Our opinion is expressly conditioned on, among other things, the accuracy as of the date hereof, and the continuing accuracy, of all of such facts, information, covenants, statements and representations through and as of the Effective Time. We have also assumed that any representations made in the Merger Agreement or the Tax Representation Letters “to the knowledge of” or based upon the belief of Bancshares and SmartFinancial, or similarly qualified, are true, correct and complete and will remain true, correct and complete at all times up to and including the Effective Time, in each case without such qualification. Any material change in the facts referred to, set forth, or assumed herein, in the Merger Agreement or in the Tax Representation Letters could affect the conclusions stated herein.
In rendering our opinion, we have considered the applicable provisions of (i) the Code as in effect on the date hereof, and our interpretations of the Code, (ii) the applicable Treasury Regulations promulgated under the Code and as currently in effect (the “Regulations”), (iii) current administrative interpretations by the Internal Revenue Service (the “Service”) of the Code and the Regulations as they apply to reorganizations, and (iv) existing judicial decisions, all of which are subject to change or modification at any time (possibly with retroactive effect), and such other authorities as we have considered relevant.

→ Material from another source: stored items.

Lemma infinite_pairing (T : Type) :
  infinite_set [set: T] -> exists g : T * T -> T, injective g.
Proof.
elim/Ppointed: T => T; first by rewrite emptyE => /(_ (finite_set0 _)).
move=> /infiniteP/pcard_injP[e /in2TT e_inj].
have [M [M_pairing M_max]] :
    exists M, pairing_graph e M /\ forall B, M `<` B -> ~ pairing_graph e B.
  exact: Zorn_bigcup (@chain_pairing_graph _ e).
have M_neq0 : M !=set0.
  apply/set0P/negP => /eqP M0; apply: (M_max _ _ (pairing_graph_nat e_inj)).
  rewrite M0; split=> // /(_ ((e 0, e 0), e (pickle (0, 0)))).
  by apply; exists (0, 0).
have [/card_le_inj[h h_out h_inj]|] := card_le_total (pairing_dom M) (~` pairing_dom M).
  have [B MB PB] := pairing_graph_extend e_inj M_pairing M_neq0 h_out h_inj.
  by case: (M_max _ MB PB).
by move/(pairing_inj_of_card_leC e_inj M_pairing M_neq0).
Qed.

Lemma nonprincipal_setI_sub1 (T : Type) (U : set (set T)) (X Y : set T) (x : T) :
  is_nonprincipal_ultrafilter U -> X `&` Y `<=` [set x] -> U X -> ~ U Y.
Proof.
move=> [[_ _ UI Usub _] U1] XY UX UY.
by apply: (U1 x); apply: Usub XY (UI _ _ UX UY).
Qed.

Theorem theorem3 (T : Type) (hinf : infinite_set [set: T])
    (U : T -> set (set T))
    (hU : forall xi : T, is_nonprincipal_ultrafilter (U xi)) :
  exists X : set T, X #= [set: T] /\ (forall xi : T, X xi -> ~ U xi X).
Proof.
have [g g_inj] := infinite_pairing hinf.
pose Y a := [set g (a, b) | b in [set: T]].
have Y_card a : Y a #= [set: T] by apply: inj_card_eq => b c _ _ /g_inj[].
have Y_disj a a' z : Y a z -> Y a' z -> a = a' by move=> [b _ <-] [c _] /g_inj[].
have [[a Ya]|/forallNP noY] := pselect (exists a, forall xi, Y a xi -> ~ U xi (Y a)).
  by exists (Y a).
have /choice[b Yb] : forall a, exists xi, Y a xi /\ U xi (Y a).
  move=> a; apply: contrapT => nxi; apply: (noY a) => xi Yxi Uxi.
  by apply: nxi; exists xi.
exists (b @` [set: T]); split.
  apply: inj_card_eq => a a' _ _ ba.
  by apply: (Y_disj _ _ (b a)); [case: (Yb a) | rewrite ba; case: (Yb a')].
move=> _ [a _ <-] UX; have [_ UY] := Yb a.
apply: (nonprincipal_setI_sub1 (hU (b a)) _ UX UY) => _ [[a' _ <-] Ya'].
by rewrite (Y_disj _ _ _ (Yb a').1 Ya').
Qed.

Based solely upon and subject to the foregoing, we are of the opinion that for U.S. federal income tax purposes the Merger will qualify as a “reorganization” within the meaning of Section 368(a) of the Code and that Bancshares and SmartFinancial will each be a party to such “reorganization” within the meaning of Section 368(b) of the Code.
We express no opinion on any issue relating to U.S. federal income tax consequences other than those described herein, or on any issue of any state, local, foreign or other tax laws. Further, our opinions are not binding upon the Service or the courts, and there is no assurance that the Service or a court will not take a contrary position. This opinion is expressed as of the date hereof, and we disclaim any undertaking to advise you of any subsequent changes of the matters stated, represented or assumed herein or any subsequent changes in applicable law, Regulations or interpretations thereof.
SmartFinancial, Inc.
May 6, 2015
Page 3
This opinion is being delivered to you for the purpose of satisfying the requirement in Section 8.3(f) of the Merger Agreement and being included as an exhibit to the Joint Proxy Statement; it may not be relied upon for any other purpose or by any other person or entity, and may not be made available to any other person or entity for any other purpose without our express written permission. To that end, we hereby consent to the filing of this opinion as Exhibit 8.1 to the Joint Proxy Statement. In giving this consent, we do not thereby admit that we are within the category of persons whose consent is required by Section 7 of the Securities Act or the rules and regulations of the Securities and Exchange Commission promulgated thereunder.